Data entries
-*-*-

(* Let $G\subset\mathbb{R}^n$ be a domain and let $f\colon G\to\mathbb{R}^n$ be a discrete $L$-LQ-mapping, meaning that $B(f(x),L^{-1}r)\subset f(B(x,r))\subset B(f(x),Lr)$ holds for all balls $B(x,r)\subset G$. Then $f$ is an $L$-BLD-mapping.
   Context: A map $f$ is $L$-BLD ($L\ge1$) if it is continuous, open and discrete and for every path $\beta$ in its domain $L^{-1}\ell(\beta)\le\ell(f\circ\beta)\le L\ell(\beta)$, where $\ell$ denotes length. *)

From Stdlib Require Import Reals Lra List Sorting.Sorted.
From Stdlib Require Fin.
Open Scope R_scope.

Definition Rn (n : nat) : Type := Fin.t n -> R.

Fixpoint fsum (n : nat) : (Fin.t n -> R) -> R :=
  match n return (Fin.t n -> R) -> R with
  | O => fun _ => 0
  | S m => fun g => g Fin.F1 + fsum m (fun i => g (Fin.FS i))
  end.

Definition dist {n : nat} (x y : Rn n) : R :=
  sqrt (fsum n (fun i => (x i - y i) ^ 2)).

Definition ball {n : nat} (x : Rn n) (r : R) : Rn n -> Prop :=
  fun y => dist x y < r.

Definition subset {n : nat} (A B : Rn n -> Prop) : Prop := forall y, A y -> B y.

Definition is_open {n : nat} (U : Rn n -> Prop) : Prop :=
  forall x, U x -> exists r, 0 < r /\ subset (ball x r) U.

Definition is_connected {n : nat} (G : Rn n -> Prop) : Prop :=
  forall U V : Rn n -> Prop, is_open U -> is_open V ->
    (forall x, G x -> U x \/ V x) ->
    (exists x, G x /\ U x) -> (exists x, G x /\ V x) ->
    exists x, G x /\ U x /\ V x.

Definition domain {n : nat} (G : Rn n -> Prop) : Prop :=
  (exists x, G x) /\ is_open G /\ is_connected G.

Definition image {n : nat} (f : Rn n -> Rn n) (A : Rn n -> Prop) : Rn n -> Prop :=
  fun z => exists y, A y /\ f y = z.

(** Properties of a map f : G -> R^n (represented by a total function whose
    values outside G are irrelevant). *)
Definition continuous_on {n : nat} (G : Rn n -> Prop) (f : Rn n -> Rn n) : Prop :=
  forall x, G x -> forall eps, 0 < eps -> exists delta, 0 < delta /\
    forall y, G y -> dist x y < delta -> dist (f x) (f y) < eps.

Definition open_map_on {n : nat} (G : Rn n -> Prop) (f : Rn n -> Rn n) : Prop :=
  forall U, is_open U -> subset U G -> is_open (image f U).

Definition discrete_on {n : nat} (G : Rn n -> Prop) (f : Rn n -> Rn n) : Prop :=
  forall x, G x -> exists delta, 0 < delta /\
    forall y, G y -> dist x y < delta -> f y = f x -> y = x.

Definition LQ_on {n : nat} (L : R) (G : Rn n -> Prop) (f : Rn n -> Rn n) : Prop :=
  forall x r, 0 < r -> subset (ball x r) G ->
    subset (ball (f x) (r / L)) (image f (ball x r)) /\
    subset (image f (ball x r)) (ball (f x) (L * r)).

Definition path_in {n : nat} (G : Rn n -> Prop) (beta : R -> Rn n) (a b : R) : Prop :=
  a <= b /\
  (forall t, a <= t <= b -> G (beta t)) /\
  (forall t, a <= t <= b -> forall eps, 0 < eps -> exists delta, 0 < delta /\
     forall s, a <= s <= b -> Rabs (s - t) < delta -> dist (beta t) (beta s) < eps).

Fixpoint poly_sum {n : nat} (beta : R -> Rn n) (ts : list R) : R :=
  match ts with
  | t :: ((s :: _) as rest) => dist (beta t) (beta s) + poly_sum beta rest
  | _ => 0
  end.

(** [length_le beta a b M] : the length ell(beta) of beta on [a,b]
    (supremum of inscribed polygonal sums over partitions; possibly +oo)
    satisfies ell(beta) <= M. *)
Definition length_le {n : nat} (beta : R -> Rn n) (a b M : R) : Prop :=
  forall ts : list R, Sorted Rle ts -> Forall (fun t => a <= t <= b) ts ->
    poly_sum beta ts <= M.
(* Let $\{Y_k\}_{k\ge 0}$ be a real-valued discrete stochastic process adapted to a filtration $\{\mathcal{F}_k\}_{k \ge 0}$, where $\mathcal{F}_0$ is the trivial $\sigma$-algebra. Suppose that for some $a, b, \eta, \rho, D \in \mathbb{R}$ with $a < b$, $\eta > 0$, $0 < \rho < 1$ and $D \ge 1$: (C0) $Y_0 \in [0,a)$ almost surely; (C1) $\mathbb{E}[e^{\eta(Y_{k+1} - Y_k)}\mathbb{1}_{\{a \le Y_k < b\}} \mid \mathcal{F}_k] \le \rho$ almost surely for every $k \ge 1$; (C2) $\mathbb{E}[e^{\eta(Y_{k+1} - a)}\mathbb{1}_{\{Y_k < a\}} \mid \mathcal{F}_k] \le D$ almost surely for every $k \ge 1$. Let $\tau_b := \min\{j : Y_j \ge b\}$. Then for every $k \ge 1$, $$\mathbb{E}\big[e^{\eta Y_k}\mathbb{1}_{\{\tau_b > k-1\}}\big] \le e^{\eta a}\Big(\rho^k + \frac{1-\rho^k}{1-\rho} D\Big).$$ *)

From HB Require Import structures.
From mathcomp Require Import all_boot all_order all_algebra.
From mathcomp Require Import all_classical all_reals all_analysis measurable_realfun.
Set Implicit Arguments. Unset Strict Implicit. Unset Printing Implicit Defensive.
Import Order.TTheory GRing.Theory Num.Theory.
Local Open Scope classical_set_scope.
Local Open Scope ring_scope.

Section defs.
Context {d : measure_display} {T : measurableType d} {R : realType}.

Definition sub_sigma_algebra (G : set (set T)) : Prop :=
  sigma_algebra setT G /\ G `<=` measurable.

Definition G_measurable (G : set (set T)) (f : T -> R) : Prop :=
  forall B : set R, measurable B -> G (f @^-1` B).

Definition G_emeasurable (G : set (set T)) (g : T -> \bar R) : Prop :=
  forall B : set (\bar R), measurable B -> G (g @^-1` B).

Definition filtration (F : nat -> set (set T)) : Prop :=
  (forall k, sub_sigma_algebra (F k)) /\
  (forall n m, (n <= m)%N -> F n `<=` F m).

Definition trivial_sigma : set (set T) := [set A | A = set0 \/ A = setT].

Definition adapted (F : nat -> set (set T)) (Y : nat -> T -> R) : Prop :=
  forall k, G_measurable (F k) (Y k).

(* g is a version of the conditional expectation E[X | G] of the nonnegative
   random variable X (values in [0, +oo]):  g is G-measurable, nonnegative,
   and  \int_A g dP = \int_A X dP  for every A in G. *)
Definition cond_exp_version (P : probability T R) (G : set (set T))
    (X : T -> \bar R) (g : T -> \bar R) : Prop :=
  [/\ G_emeasurable G g, (forall x, (0 <= g x)%E) &
      forall A, G A -> (\int[P]_(x in A) g x = \int[P]_(x in A) X x)%E].

Definition cond_exp_le (P : probability T R) (G : set (set T))
    (X : T -> \bar R) (c : R) : Prop :=
  exists g, cond_exp_version P G X g /\ {ae P, forall x, (g x <= c%:E)%E}.

(* the event {tau_b > m}, where tau_b := min {j | Y_j >= b} (min of the
   empty set = +oo): no index j <= m has Y_j >= b *)
Definition tau_gt (Y : nat -> T -> R) (b : R) (m : nat) : set T :=
  [set x | forall j, (j <= m)%N -> Y j x < b].

End defs.

(* Write J n for E[exp(eta Y_n) 1_{tau_b > n-1}].  On {tau_b > n} either
   a <= Y_n < b, and exp(eta Y_(n+1)) = exp(eta Y_n) exp(eta (Y_(n+1) - Y_n)),
   or Y_n < a, and exp(eta Y_(n+1)) = exp(eta a) exp(eta (Y_(n+1) - a)).
   As exp(eta Y_n) 1_{tau_b > n-1} is F_n-measurable, (C1) and (C2) then give
   J (n+1) <= rho J n + D exp(eta a), while (C0) gives J 0 <= exp(eta a);
   unrolling this affine recursion yields the bound.  The conditional bounds
   enter through E[h X] <= c E[h] for nonnegative F_n-measurable h, which holds
   for simple h and passes to the limit by monotone convergence. *)

From Pilot Require Import Defs.
From HB Require Import structures.
From mathcomp Require Import all_boot all_order all_algebra.
From mathcomp Require Import all_classical all_reals all_analysis measurable_realfun.
From mathcomp Require Import ring.
Import Order.TTheory GRing.Theory Num.Theory.
Local Open Scope classical_set_scope.
Local Open Scope ring_scope.

Section sub_sigma_algebra.
Context {d : measure_display} {T : measurableType d} {R : realType}
  {G : set (set T)}.
Hypothesis sG : Defs.sub_sigma_algebra G.

Lemma g_sigma_measurableP (A : set T) :
  measurable (A : set (g_sigma_algebraType G)) <-> G A.
Proof. by rewrite /= (measurable_g_measurableTypeE sG.1). Qed.

Lemma G_measurableP (h : T -> R) :
  G_measurable G h <-> measurable_fun [set: g_sigma_algebraType G] h.
Proof.
split=> [Gh _ B mB|mh B mB].
  by rewrite setTI; apply/g_sigma_measurableP; exact: Gh.
by apply/g_sigma_measurableP; have := mh measurableT B mB; rewrite setTI.
Qed.

Lemma G_measurable_measurable (h : T -> R) :
  G_measurable G h -> measurable_fun [set: T] h.
Proof. by move=> Gh _ B mB; rewrite setTI; apply: sG.2; exact: Gh. Qed.

Context {P : probability T R}.

Lemma cond_exp_le_integral (X : T -> \bar R) c : 0 <= c ->
  cond_exp_le P G X c ->
  forall A, G A -> (\int[P]_(x in A) X x <= c%:E * P A)%E.
Proof.
move=> c0 [g [[Gg g0 intg] gc]] A GA; have mA := sG.2 _ GA.
have mg : measurable_fun [set: T] g.
  by move=> _ B mB; rewrite setTI; apply: sG.2; exact: Gg.
rewrite -intg // -(integral_cst P mA).
apply: ae_ge0_le_integral => //.
- exact: measurable_funS mg.
- by apply: filterS gc => x gxc _; exact: gxc.
Qed.

End sub_sigma_algebra.

Section weighted_integral.
Context {d : measure_display} {T : measurableType d} {R : realType}
  {P : probability T R} {G : set (set T)}.
Hypothesis sG : Defs.sub_sigma_algebra G.
Context {X : T -> R} {c : R}.
Hypotheses (mX : measurable_fun [set: T] X) (X_ge0 : forall x, 0 <= X x)
  (c_ge0 : 0 <= c).
Hypothesis X_cond_le : cond_exp_le P G (fun x => (X x)%:E) c.

Let integral_X_le A : G A -> (\int[P]_(x in A) (X x)%:E <= c%:E * P A)%E.
Proof. exact: cond_exp_le_integral. Qed.

Let weighted_le (s : T -> R) := [/\ measurable_fun [set: T] s,
  forall x, 0 <= s x &
  (\int[P]_x (s x * X x)%:E <= c%:E * \int[P]_x (s x)%:E)%E].

Let weighted_le0 : weighted_le (fun=> 0).
Proof.
split=> //; under eq_integral do rewrite mul0r.
by rewrite integral0 mule0.
Qed.

Let weighted_leD s1 s2 : weighted_le s1 -> weighted_le s2 ->
  weighted_le (fun x => s1 x + s2 x).
Proof.
move=> [ms1 s1_ge0 s1X] [ms2 s2_ge0 s2X].
split; [exact: measurable_funD|by move=> x; rewrite addr_ge0|].
have msX (s : T -> R) : measurable_fun [set: T] s ->
    measurable_fun [set: T] (fun x => (s x * X x)%:E).
  by move=> ms; exact/measurable_EFinP/measurable_funM.
have sX_ge0 (s : T -> R) : (forall x, 0 <= s x) ->
    forall x, [set: T] x -> (0 <= (s x * X x)%:E)%E.
  by move=> s_ge0 x _; rewrite lee_fin mulr_ge0.
under eq_integral do rewrite mulrDl EFinD.
rewrite ge0_integralD//; [|exact: sX_ge0|exact: msX|exact: sX_ge0|exact: msX].
under [X in (_ <= _ * X)%E]eq_integral do rewrite EFinD.
rewrite ge0_integralD//; last 4 first.
- by move=> x _; rewrite lee_fin.
- exact/measurable_EFinP.
- by move=> x _; rewrite lee_fin.
- exact/measurable_EFinP.
rewrite muleDr//; first exact: leeD.
by rewrite ge0_adde_def// inE integral_ge0// => x _; rewrite lee_fin.
Qed.

Let weighted_le_sum (I : Type) (r : seq I) (p : pred I) (s : I -> T -> R) :
  (forall i, weighted_le (s i)) ->
  weighted_le (fun x => \sum_(i <- r | p i) s i x).
Proof.
move=> ws; elim: r => [|i r IH].
  by under eq_fun do rewrite big_nil; exact: weighted_le0.
under eq_fun do rewrite big_cons.
by case: (p i) => //; exact: weighted_leD.
Qed.

Let weighted_le_indic a A : 0 <= a -> G A -> weighted_le (fun x => a * \1_A x).
Proof.
move=> a_ge0 GA; have mA := sG.2 _ GA.
have mI : measurable_fun [set: T] (\1_A : T -> R) by exact: measurable_indic.
split; [exact: measurable_funM|by move=> x; rewrite mulr_ge0|].
under eq_integral do rewrite -mulrA EFinM.
rewrite ge0_integralZl_EFin//; last 2 first.
- by move=> x _; rewrite lee_fin mulr_ge0.
- exact/measurable_EFinP/measurable_funM.
under [X in (_ <= _ * X)%E]eq_integral do rewrite EFinM.
rewrite ge0_integralZl_EFin//; last exact/measurable_EFinP.
rewrite integral_indic// setIT muleCA lee_wpmul2l ?lee_fin//.
have -> : (\int[P]_x (\1_A x * X x)%:E = \int[P]_(x in A) (X x)%:E)%E.
  rewrite [RHS]integral_mkcond; apply: eq_integral => x _.
  by rewrite epatch_indic EFinM muleC.
exact: integral_X_le.
Qed.

Context {h : T -> R}.
Hypotheses (Gh : G_measurable G h) (h_ge0 : forall x, 0 <= h x).

Let weighted_le_approx n : weighted_le (approx setT (EFin \o h) n).
Proof.
have preimage_h (B : set R) :
    setT `&` [set x | (EFin \o h) x \in EFin @` B] = h @^-1` B.
  apply/seteqP; split=> x /=; first by move=> [_]; rewrite inE => -[r rB [<-]].
  by move=> hx; split=> //; rewrite inE; exists (h x).
have G0 : G set0 by case: sG => -[].
apply: weighted_leD.
  apply: weighted_le_sum => k; apply: weighted_le_indic; first by rewrite mulr_ge0.
  rewrite /dyadic_approx; case: ifP => // _.
  by rewrite preimage_h; apply: Gh; exact: measurable_itv.
apply: weighted_le_indic => //.
have -> : integer_approx setT (EFin \o h) n = h @^-1` `[n%:R, +oo[.
  by apply/seteqP; split=> x /=; rewrite in_itv /= andbT => -[].
by apply: Gh; exact: measurable_itv.
Qed.

Lemma cond_exp_le_integral_mul :
  (\int[P]_x (h x * X x)%:E <= c%:E * \int[P]_x (h x)%:E)%E.
Proof.
pose f := EFin \o h.
have f_ge0 x : [set: T] x -> (0 <= f x)%E by move=> _; rewrite lee_fin.
pose g n x := (approx setT f n x * X x)%:E.
have mg n : measurable_fun [set: T] (g n).
  have [ma _ _] := weighted_le_approx n.
  exact/measurable_EFinP/measurable_funM.
have g_ge0 n x : [set: T] x -> (0 <= g n x)%E.
  by have [_ ma_ge0 _] := weighted_le_approx n; rewrite lee_fin mulr_ge0.
have nd_g x : [set: T] x -> {homo g^~ x : n m / (n <= m)%N >-> (n <= m)%E}.
  by move=> _ n m nm; rewrite lee_fin ler_wpM2r//; exact/lefP/nd_approx.
have lim_g x : limn (g^~ x) = (h x * X x)%:E.
  apply/cvg_lim => //; apply: cvg_EFin; first exact: nearW.
  by apply: cvgMr_tmp; exact: (cvg_approx f_ge0 Logic.I (ltry _)).
have int_g_cvg :=
  @cvg_monotone_convergence _ _ _ P _ measurableT _ mg g_ge0 nd_g.
have -> : (\int[P]_x (h x * X x)%:E = \int[P]_x limn (g^~ x))%E.
  by apply: eq_integral => x _; rewrite lim_g.
rewrite -(cvg_lim _ int_g_cvg)//; apply: lime_le; first exact: cvgP int_g_cvg.
apply: nearW => n; case: (weighted_le_approx n) => ma ma_ge0 /le_trans; apply.
rewrite lee_wpmul2l ?lee_fin//; apply: ge0_le_integral => //.
- by move=> x _; rewrite lee_fin.
- exact/measurable_EFinP.
- by apply/measurable_EFinP; exact: G_measurable_measurable Gh.
- by move=> x _; exact: le_approx.
Qed.

End weighted_integral.

Section tau_gt.
Context {d : measure_display} {T : measurableType d} {R : realType}
  {Y : nat -> T -> R} {b : R}.

Lemma tau_gt0 : tau_gt Y b 0 = Y 0%N @^-1` `]-oo, b[.
Proof.
apply/seteqP; split=> x /=; rewrite in_itv /=; first exact.
by move=> Yb j; rewrite leqn0 => /eqP ->.
Qed.

Lemma tau_gtS m : tau_gt Y b m.+1 = tau_gt Y b m `&` Y m.+1 @^-1` `]-oo, b[.
Proof.
apply/seteqP; split=> x /=; rewrite in_itv /=.
  by move=> Yb; split=> [j jm|]; apply: Yb; rewrite ?(leq_trans jm).
by move=> [Yb Ymb] j; rewrite leq_eqVlt ltnS => /orP[/eqP ->|/Yb].
Qed.

Lemma tau_gt_subset_pred m : tau_gt Y b m `<=` tau_gt Y b m.-1.
Proof. by move=> x Yb j jm; apply: Yb; rewrite (leq_trans jm) ?leq_pred. Qed.

Lemma tau_gt_adapted F : filtration F -> adapted F Y ->
  forall m, F m (tau_gt Y b m).
Proof.
move=> [sF homF] adY; elim=> [|m IH].
  by rewrite tau_gt0; apply: adY; exact: measurable_itv.
rewrite tau_gtS; apply/(g_sigma_measurableP (sF m.+1)).
apply: measurableI; apply/(g_sigma_measurableP (sF m.+1)); first exact: homF IH.
by apply: adY; exact: measurable_itv.
Qed.

End tau_gt.

Definition truncated_mgf {d} {T : measurableType d} {R : realType}
    (P : probability T R) (Y : nat -> T -> R) (b eta : R) n :=
  (\int[P]_x (expR (eta * Y n x) * \1_(tau_gt Y b n.-1) x)%:E)%E.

-*-*-

▶ [Task requirements]: Using the data above, restate word for word the lines from its opening line through the line that contains "From Stdlib Require Import", and no more.

▶ [Written reply]:
(* Let $G\subset\mathbb{R}^n$ be a domain and let $f\colon G\to\mathbb{R}^n$ be a discrete $L$-LQ-mapping, meaning that $B(f(x),L^{-1}r)\subset f(B(x,r))\subset B(f(x),Lr)$ holds for all balls $B(x,r)\subset G$. Then $f$ is an $L$-BLD-mapping.
   Context: A map $f$ is $L$-BLD ($L\ge1$) if it is continuous, open and discrete and for every path $\beta$ in its domain $L^{-1}\ell(\beta)\le\ell(f\circ\beta)\le L\ell(\beta)$, where $\ell$ denotes length. *)

From Stdlib Require Import Reals Lra List Sorting.Sorted.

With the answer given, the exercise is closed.